[Stored data entries]
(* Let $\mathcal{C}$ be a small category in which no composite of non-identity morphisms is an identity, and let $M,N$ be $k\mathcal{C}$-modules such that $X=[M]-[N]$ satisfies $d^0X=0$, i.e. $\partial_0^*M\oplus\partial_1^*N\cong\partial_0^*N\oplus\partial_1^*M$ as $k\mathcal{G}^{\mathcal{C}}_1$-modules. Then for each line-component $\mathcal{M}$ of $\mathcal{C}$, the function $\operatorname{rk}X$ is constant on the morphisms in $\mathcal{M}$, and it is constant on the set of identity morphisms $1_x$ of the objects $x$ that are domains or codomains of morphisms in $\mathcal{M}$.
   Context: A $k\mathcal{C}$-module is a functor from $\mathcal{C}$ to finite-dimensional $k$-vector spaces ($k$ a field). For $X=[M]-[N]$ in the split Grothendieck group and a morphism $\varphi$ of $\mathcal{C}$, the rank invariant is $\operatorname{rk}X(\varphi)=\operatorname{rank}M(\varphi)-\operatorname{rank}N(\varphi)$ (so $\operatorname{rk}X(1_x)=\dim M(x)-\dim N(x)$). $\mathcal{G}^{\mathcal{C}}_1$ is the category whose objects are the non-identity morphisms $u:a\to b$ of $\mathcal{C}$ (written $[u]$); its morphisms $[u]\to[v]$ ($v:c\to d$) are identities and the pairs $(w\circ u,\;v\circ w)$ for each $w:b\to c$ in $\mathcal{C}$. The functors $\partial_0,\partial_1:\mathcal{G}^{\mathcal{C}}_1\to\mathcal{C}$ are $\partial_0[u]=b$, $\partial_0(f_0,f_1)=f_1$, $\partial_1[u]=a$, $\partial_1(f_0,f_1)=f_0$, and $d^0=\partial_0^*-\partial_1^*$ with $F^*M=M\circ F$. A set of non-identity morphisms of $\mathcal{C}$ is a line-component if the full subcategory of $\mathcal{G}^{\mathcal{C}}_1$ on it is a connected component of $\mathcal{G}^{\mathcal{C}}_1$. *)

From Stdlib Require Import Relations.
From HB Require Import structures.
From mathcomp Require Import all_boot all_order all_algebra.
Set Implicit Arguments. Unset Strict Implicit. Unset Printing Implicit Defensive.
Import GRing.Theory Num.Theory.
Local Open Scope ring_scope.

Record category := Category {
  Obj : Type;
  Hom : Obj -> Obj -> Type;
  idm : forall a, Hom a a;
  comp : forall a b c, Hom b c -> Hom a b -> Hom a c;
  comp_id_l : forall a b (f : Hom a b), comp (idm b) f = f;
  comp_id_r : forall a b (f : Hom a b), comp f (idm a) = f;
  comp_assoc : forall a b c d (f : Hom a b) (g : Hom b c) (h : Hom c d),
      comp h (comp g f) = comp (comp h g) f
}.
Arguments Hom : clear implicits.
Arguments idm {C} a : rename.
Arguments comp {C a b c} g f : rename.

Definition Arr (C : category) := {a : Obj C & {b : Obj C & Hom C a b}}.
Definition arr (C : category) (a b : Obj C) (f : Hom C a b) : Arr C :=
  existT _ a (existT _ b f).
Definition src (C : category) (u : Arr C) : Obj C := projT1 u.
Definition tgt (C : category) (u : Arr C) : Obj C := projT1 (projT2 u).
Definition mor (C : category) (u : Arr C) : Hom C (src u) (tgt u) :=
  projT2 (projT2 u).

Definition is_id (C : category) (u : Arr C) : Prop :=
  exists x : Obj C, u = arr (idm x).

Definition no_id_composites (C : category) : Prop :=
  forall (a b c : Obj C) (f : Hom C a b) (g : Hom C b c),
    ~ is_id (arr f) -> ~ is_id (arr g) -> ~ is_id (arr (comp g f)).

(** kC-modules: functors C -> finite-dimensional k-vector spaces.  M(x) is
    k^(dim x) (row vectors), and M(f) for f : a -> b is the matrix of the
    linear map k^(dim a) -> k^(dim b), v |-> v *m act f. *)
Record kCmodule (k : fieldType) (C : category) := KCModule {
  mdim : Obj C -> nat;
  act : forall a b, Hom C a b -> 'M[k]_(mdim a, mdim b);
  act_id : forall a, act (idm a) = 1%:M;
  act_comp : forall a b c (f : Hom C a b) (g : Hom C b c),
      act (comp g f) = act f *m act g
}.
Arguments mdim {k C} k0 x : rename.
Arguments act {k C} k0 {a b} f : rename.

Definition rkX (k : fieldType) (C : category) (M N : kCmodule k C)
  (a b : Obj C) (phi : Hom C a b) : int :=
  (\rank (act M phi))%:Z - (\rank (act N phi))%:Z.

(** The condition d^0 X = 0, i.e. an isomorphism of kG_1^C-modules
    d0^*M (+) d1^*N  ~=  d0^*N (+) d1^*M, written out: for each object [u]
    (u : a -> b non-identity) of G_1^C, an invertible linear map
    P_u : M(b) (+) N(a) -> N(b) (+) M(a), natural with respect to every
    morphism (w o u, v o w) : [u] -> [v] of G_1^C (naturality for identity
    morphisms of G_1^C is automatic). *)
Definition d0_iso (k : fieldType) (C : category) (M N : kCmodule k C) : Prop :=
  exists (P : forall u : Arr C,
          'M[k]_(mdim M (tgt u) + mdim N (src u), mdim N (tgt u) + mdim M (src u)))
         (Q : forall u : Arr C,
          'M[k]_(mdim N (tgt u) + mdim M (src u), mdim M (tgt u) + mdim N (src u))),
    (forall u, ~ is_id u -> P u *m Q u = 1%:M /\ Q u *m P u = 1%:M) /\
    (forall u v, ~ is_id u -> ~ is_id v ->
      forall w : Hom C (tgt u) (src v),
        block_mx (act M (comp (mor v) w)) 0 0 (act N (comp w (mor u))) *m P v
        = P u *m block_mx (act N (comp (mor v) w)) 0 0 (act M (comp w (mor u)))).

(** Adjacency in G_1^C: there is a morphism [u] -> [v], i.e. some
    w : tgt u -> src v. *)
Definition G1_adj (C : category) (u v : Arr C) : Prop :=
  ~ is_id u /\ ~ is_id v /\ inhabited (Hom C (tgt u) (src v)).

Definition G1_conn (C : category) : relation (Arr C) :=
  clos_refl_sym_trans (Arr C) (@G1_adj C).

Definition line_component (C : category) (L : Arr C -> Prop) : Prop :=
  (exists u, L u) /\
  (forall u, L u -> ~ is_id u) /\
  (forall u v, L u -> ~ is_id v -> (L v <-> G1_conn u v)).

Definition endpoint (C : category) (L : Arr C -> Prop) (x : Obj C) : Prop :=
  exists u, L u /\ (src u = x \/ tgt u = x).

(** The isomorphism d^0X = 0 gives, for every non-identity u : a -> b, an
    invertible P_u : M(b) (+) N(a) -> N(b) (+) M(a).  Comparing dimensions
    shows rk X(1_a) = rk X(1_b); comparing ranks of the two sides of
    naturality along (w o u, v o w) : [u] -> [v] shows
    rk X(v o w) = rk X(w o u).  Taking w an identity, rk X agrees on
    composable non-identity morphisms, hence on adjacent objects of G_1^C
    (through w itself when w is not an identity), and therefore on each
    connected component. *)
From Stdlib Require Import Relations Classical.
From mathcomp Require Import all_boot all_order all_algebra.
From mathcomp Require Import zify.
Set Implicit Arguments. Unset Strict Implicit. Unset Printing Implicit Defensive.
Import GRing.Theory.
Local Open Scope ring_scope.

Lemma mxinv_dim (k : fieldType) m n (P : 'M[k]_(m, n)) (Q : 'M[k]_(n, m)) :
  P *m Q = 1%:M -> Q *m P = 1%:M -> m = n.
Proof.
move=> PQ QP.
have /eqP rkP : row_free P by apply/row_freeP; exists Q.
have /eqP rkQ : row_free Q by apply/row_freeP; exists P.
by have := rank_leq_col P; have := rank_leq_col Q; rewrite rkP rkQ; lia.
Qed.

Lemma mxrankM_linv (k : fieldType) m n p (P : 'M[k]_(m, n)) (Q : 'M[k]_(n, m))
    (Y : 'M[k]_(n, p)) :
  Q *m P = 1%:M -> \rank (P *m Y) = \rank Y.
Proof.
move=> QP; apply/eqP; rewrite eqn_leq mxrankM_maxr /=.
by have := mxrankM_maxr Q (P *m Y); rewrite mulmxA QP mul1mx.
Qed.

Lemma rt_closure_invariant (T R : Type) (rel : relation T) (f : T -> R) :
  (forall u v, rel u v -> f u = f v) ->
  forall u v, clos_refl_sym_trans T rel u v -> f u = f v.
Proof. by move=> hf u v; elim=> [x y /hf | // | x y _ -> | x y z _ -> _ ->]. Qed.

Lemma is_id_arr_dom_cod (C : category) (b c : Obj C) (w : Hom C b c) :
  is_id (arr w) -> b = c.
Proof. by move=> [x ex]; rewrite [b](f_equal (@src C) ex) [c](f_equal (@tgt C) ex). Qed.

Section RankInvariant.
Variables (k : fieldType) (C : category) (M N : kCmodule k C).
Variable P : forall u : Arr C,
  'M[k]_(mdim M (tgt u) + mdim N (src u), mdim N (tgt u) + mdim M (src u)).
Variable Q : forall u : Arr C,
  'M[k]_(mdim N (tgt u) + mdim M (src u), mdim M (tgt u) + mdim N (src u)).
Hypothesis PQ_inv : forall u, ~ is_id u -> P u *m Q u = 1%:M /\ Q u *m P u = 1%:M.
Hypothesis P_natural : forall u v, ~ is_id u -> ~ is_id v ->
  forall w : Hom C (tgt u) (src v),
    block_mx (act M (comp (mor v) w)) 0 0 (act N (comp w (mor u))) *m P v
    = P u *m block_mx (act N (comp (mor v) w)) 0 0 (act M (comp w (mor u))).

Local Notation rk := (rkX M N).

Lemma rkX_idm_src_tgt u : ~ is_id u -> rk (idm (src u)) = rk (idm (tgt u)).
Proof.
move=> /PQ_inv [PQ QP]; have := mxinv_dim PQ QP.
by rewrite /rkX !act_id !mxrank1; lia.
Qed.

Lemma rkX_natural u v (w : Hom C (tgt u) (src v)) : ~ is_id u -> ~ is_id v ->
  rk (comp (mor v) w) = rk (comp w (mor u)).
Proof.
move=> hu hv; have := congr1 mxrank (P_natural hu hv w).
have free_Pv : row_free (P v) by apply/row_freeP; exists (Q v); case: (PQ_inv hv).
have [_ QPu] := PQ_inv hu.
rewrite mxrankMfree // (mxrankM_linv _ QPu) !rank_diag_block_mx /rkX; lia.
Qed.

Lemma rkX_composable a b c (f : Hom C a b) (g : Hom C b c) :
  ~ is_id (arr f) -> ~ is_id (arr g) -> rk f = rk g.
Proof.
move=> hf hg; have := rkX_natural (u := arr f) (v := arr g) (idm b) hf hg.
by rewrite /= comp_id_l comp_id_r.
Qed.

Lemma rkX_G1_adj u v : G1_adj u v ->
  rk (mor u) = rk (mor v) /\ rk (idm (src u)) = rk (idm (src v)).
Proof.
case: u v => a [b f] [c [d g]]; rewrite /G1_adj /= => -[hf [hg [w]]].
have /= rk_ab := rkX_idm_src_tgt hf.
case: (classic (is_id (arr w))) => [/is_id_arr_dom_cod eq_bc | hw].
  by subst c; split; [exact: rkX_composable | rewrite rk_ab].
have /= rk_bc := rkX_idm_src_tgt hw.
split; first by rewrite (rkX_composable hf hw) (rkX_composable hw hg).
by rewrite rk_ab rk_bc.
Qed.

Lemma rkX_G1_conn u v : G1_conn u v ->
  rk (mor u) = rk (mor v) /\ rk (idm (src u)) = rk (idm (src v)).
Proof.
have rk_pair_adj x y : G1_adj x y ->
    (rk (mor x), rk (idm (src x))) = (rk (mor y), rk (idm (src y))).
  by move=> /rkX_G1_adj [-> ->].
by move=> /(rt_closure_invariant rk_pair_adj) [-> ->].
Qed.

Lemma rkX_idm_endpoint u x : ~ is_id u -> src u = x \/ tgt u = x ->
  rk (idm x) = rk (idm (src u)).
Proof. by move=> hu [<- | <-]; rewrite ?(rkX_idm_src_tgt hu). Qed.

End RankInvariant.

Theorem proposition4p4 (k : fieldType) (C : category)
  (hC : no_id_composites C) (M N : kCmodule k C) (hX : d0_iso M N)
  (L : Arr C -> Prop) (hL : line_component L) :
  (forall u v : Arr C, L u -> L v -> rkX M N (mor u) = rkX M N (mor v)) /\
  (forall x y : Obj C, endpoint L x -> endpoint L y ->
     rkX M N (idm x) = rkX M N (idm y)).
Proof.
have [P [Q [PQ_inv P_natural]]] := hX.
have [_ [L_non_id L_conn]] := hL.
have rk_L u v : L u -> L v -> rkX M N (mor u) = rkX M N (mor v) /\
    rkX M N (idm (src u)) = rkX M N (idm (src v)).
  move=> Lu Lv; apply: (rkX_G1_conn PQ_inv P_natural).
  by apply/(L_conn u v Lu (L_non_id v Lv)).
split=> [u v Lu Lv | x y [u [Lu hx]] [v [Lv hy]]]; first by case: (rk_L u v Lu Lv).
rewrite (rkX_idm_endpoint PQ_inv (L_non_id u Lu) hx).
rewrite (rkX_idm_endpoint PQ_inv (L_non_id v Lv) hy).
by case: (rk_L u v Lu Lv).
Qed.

* * *

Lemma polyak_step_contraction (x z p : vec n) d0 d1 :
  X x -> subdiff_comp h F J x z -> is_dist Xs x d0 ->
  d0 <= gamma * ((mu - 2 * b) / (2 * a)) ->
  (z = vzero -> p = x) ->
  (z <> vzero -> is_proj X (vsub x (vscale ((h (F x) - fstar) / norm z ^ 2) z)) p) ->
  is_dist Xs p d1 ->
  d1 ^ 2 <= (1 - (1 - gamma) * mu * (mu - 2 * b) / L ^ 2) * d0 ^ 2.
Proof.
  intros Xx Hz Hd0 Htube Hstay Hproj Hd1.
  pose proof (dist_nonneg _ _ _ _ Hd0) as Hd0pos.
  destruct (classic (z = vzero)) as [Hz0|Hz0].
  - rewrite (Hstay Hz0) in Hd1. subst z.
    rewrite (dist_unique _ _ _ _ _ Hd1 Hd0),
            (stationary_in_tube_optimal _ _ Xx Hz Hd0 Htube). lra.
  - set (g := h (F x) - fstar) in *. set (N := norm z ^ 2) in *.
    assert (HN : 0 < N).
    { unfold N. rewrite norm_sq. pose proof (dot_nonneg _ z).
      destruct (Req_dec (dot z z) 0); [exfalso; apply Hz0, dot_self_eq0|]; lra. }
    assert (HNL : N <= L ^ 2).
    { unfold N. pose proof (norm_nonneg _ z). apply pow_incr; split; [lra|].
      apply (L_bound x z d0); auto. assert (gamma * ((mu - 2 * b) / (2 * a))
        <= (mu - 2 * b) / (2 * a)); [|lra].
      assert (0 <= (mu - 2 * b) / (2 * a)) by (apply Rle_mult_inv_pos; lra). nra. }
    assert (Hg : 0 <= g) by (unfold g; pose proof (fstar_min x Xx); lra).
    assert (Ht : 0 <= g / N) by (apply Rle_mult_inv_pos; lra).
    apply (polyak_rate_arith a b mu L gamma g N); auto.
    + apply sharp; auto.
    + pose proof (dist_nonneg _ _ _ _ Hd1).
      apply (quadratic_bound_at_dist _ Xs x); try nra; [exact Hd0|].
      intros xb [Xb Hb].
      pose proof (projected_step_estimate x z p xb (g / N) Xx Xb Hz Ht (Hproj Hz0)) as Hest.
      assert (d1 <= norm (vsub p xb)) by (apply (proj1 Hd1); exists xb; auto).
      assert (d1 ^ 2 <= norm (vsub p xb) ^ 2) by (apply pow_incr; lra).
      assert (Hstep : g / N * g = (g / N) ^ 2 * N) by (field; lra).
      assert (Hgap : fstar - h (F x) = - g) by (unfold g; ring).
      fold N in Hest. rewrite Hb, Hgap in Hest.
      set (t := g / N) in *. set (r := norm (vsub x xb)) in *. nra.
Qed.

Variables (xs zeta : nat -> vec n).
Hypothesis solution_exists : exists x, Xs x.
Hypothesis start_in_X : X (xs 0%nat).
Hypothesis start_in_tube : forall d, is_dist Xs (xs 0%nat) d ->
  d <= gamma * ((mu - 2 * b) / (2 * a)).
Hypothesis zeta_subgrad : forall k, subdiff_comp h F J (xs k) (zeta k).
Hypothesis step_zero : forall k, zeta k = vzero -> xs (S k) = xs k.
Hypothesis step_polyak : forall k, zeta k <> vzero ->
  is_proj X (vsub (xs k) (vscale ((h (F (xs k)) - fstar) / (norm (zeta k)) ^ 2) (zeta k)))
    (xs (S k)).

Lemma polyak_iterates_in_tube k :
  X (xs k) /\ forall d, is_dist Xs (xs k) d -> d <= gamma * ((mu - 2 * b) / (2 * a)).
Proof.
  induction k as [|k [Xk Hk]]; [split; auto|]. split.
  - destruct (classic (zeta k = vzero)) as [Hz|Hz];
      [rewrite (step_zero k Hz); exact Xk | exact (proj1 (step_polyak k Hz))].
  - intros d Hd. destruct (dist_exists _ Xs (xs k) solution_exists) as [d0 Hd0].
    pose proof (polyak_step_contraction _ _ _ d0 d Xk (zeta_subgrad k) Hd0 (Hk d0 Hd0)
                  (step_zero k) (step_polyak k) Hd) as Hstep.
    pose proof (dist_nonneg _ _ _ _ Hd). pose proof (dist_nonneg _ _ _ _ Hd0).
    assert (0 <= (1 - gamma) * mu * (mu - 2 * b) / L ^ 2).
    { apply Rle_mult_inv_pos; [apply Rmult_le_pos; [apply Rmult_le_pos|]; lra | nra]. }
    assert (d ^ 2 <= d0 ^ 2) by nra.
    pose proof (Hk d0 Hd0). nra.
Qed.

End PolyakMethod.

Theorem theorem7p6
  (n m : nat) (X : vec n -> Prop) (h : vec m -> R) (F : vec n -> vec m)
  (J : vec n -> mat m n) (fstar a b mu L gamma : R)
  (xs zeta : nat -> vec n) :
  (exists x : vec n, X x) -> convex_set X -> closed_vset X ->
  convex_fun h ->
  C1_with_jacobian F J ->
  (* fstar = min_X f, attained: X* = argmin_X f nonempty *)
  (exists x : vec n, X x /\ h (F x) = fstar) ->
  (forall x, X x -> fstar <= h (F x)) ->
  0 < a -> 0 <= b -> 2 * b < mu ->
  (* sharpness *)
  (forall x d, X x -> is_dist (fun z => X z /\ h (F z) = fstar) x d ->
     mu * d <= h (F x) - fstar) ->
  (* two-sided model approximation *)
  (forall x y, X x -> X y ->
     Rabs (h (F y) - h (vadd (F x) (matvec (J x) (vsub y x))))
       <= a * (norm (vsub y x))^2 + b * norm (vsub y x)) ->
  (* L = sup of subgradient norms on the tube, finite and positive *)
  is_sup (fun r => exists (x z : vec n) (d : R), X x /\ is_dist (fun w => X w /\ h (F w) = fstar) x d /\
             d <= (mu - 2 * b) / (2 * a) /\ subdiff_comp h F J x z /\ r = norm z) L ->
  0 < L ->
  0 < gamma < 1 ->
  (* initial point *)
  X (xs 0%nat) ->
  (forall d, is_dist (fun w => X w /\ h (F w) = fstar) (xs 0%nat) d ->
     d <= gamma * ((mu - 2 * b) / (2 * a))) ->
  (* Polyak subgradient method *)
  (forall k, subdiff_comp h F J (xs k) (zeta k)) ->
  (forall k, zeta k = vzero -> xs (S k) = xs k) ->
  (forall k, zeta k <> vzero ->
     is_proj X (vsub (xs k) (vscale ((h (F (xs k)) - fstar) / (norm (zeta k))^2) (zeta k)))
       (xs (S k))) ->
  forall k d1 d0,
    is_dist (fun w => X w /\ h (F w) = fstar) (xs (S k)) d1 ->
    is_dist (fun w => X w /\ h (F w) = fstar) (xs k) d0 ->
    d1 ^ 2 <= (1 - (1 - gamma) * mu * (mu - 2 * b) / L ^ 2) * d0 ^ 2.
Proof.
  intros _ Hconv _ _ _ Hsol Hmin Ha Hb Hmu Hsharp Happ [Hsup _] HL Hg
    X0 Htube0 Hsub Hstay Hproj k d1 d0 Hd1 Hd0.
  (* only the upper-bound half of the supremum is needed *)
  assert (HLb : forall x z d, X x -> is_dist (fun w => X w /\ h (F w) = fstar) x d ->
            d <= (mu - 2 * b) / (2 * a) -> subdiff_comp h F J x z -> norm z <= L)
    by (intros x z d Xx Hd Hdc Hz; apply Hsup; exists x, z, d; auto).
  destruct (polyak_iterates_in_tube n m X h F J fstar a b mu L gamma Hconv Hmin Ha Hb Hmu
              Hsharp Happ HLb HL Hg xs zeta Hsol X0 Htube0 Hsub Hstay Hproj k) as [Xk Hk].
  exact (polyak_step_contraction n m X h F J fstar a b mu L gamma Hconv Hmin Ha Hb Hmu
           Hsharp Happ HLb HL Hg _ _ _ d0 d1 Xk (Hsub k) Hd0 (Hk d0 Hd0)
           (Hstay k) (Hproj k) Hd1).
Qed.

WORK ORDER:
Taking the entries above, restate exactly those lines that fall between the line with "mdim M (src u))." and the line with "Lemma rkX_natural u", keeping both of those lines too.

COMPLETED EXERCISE:
  'M[k]_(mdim M (tgt u) + mdim N (src u), mdim N (tgt u) + mdim M (src u)).
Variable Q : forall u : Arr C,
  'M[k]_(mdim N (tgt u) + mdim M (src u), mdim M (tgt u) + mdim N (src u)).
Hypothesis PQ_inv : forall u, ~ is_id u -> P u *m Q u = 1%:M /\ Q u *m P u = 1%:M.
Hypothesis P_natural : forall u v, ~ is_id u -> ~ is_id v ->
  forall w : Hom C (tgt u) (src v),
    block_mx (act M (comp (mor v) w)) 0 0 (act N (comp w (mor u))) *m P v
    = P u *m block_mx (act N (comp (mor v) w)) 0 0 (act M (comp w (mor u))).

Local Notation rk := (rkX M N).

Lemma rkX_idm_src_tgt u : ~ is_id u -> rk (idm (src u)) = rk (idm (tgt u)).
Proof.
move=> /PQ_inv [PQ QP]; have := mxinv_dim PQ QP.
by rewrite /rkX !act_id !mxrank1; lia.
Qed.

Lemma rkX_natural u v (w : Hom C (tgt u) (src v)) : ~ is_id u -> ~ is_id v ->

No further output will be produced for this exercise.